Combining PARP and PD-1 inhibition in a patient with esophagogastric adenocarcinoma (EGA)

Introduction Esophagogastric adenocarcinoma (EGA) is one of the leading causes of cancer- related mortality worldwide. Therapeutic options are limited for patients with recurrent or metastatic disease. Targeted therapy may be a suitable treatment for selected patients, but its efficacy remains elusive. Case Presentation Here, a 52-year-old male patient with advanced EGA Siewert Type II shows a significant response to combination therapy with olaparib and pembrolizumab.
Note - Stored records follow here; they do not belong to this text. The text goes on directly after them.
End CylinderCount.

HB.instance Definition _ := Monoid.isComLaw.Build R 1%R Rmult
  (fun a b c => esym (Rmult_assoc a b c)) Rmult_comm Rmult_1_l.
HB.instance Definition _ := Monoid.isComLaw.Build R 0%R Rplus
  (fun a b c => esym (Rplus_assoc a b c)) Rplus_comm Rplus_0_l.

Lemma INR_muln m n : INR (m * n) = (INR m * INR n)%R.
Proof. by rewrite mulnE mult_INR. Qed.

Lemma INR_addn m n : INR (m + n) = (INR m + INR n)%R.
Proof. by rewrite addnE plus_INR. Qed.

Lemma INR_expn m n : INR (m ^ n) = (INR m ^ n)%R.
Proof. by elim: n => [|n IH]; rewrite ?expnS ?INR_muln ?IH. Qed.

Lemma INR_exp2n n : INR (2 ^ n) = (2 ^ n)%R.
Proof. by rewrite INR_expn. Qed.

Lemma INR_leq m n : m <= n -> (INR m <= INR n)%R.
Proof. by move/leP; apply: le_INR. Qed.

Lemma pow_le_anti x m n : (0 <= x <= 1)%R -> m <= n -> (x ^ n <= x ^ m)%R.
Proof.
move=> x01 mn; rewrite -(subnK mn) addnE pow_add.
have : (x ^ (n - m) <= 1)%R by rewrite -(pow1 (n - m)); apply: pow_incr; lra.
by have := pow_le x m ltac:(lra); nra.
Qed.

Section RealBigops.
Variable I : finType.
Implicit Types (A : {set I}) (f : I -> R).

Lemma sum_le_card_mul A f b : (forall i, i \in A -> f i <= b)%R ->
  (\big[Rplus/0%R]_(i in A) f i <= INR #|A| * b)%R.
Proof.
move=> fb; rewrite -sum1_card.
elim/big_rec2: _ => [|i n r iA le_r]; first by rewrite /=; lra.
by rewrite INR_addn /=; have := fb i iA; lra.
Qed.

Lemma prod_in01 A f : (forall i, i \in A -> 0 <= f i <= 1)%R ->
  (0 <= \big[Rmult/1%R]_(i in A) f i <= 1)%R.
Proof.
move=> f01; elim/big_rec: _ => [|i r iA [r0 r1]]; first lra.
by have := f01 i iA; split; nra.
Qed.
After progression following first- and second-line therapy, including a programmed cell death ligand 1 (PD-L1) inhibitor, next-generation sequencing of a tumor sample was performed to identify possible molecular targets. A mutation in RAD51C, a member of the Homology-directed repair (HDR) system, was identified in addition to high PD-L1 expression. As a result, therapy with the Poly-(ARD-Ribose) Polymerase (PARP) inhibitor olaparib and the Programmed cell death protein 1 (PD1)-inhibitor pembrolizumab was initiated. A durable partial response lasting for more than 17 months was observed. A second molecular profiling from a newly occurring subcutaneous metastasis showed a loss of FGF10 but no fluctuations in the gene alteration of RAD51C and SMARCA4. Interestingly, the new lesion showed HER2-positivity (Immunohistochemistry (IHC) 3+ and Fluorescence in situ hybridisation (FISH)-positivity) in 30% of tumor cells. Discussion/Conclusion In this case, a long-lasting response to the combination of olaparib and pembrolizumab was observed despite previous treatment with a PD-L1 inhibitor. This case illustrates the need for further clinical trials to analyze the efficacy of PARP inhibitor combinations in EGA.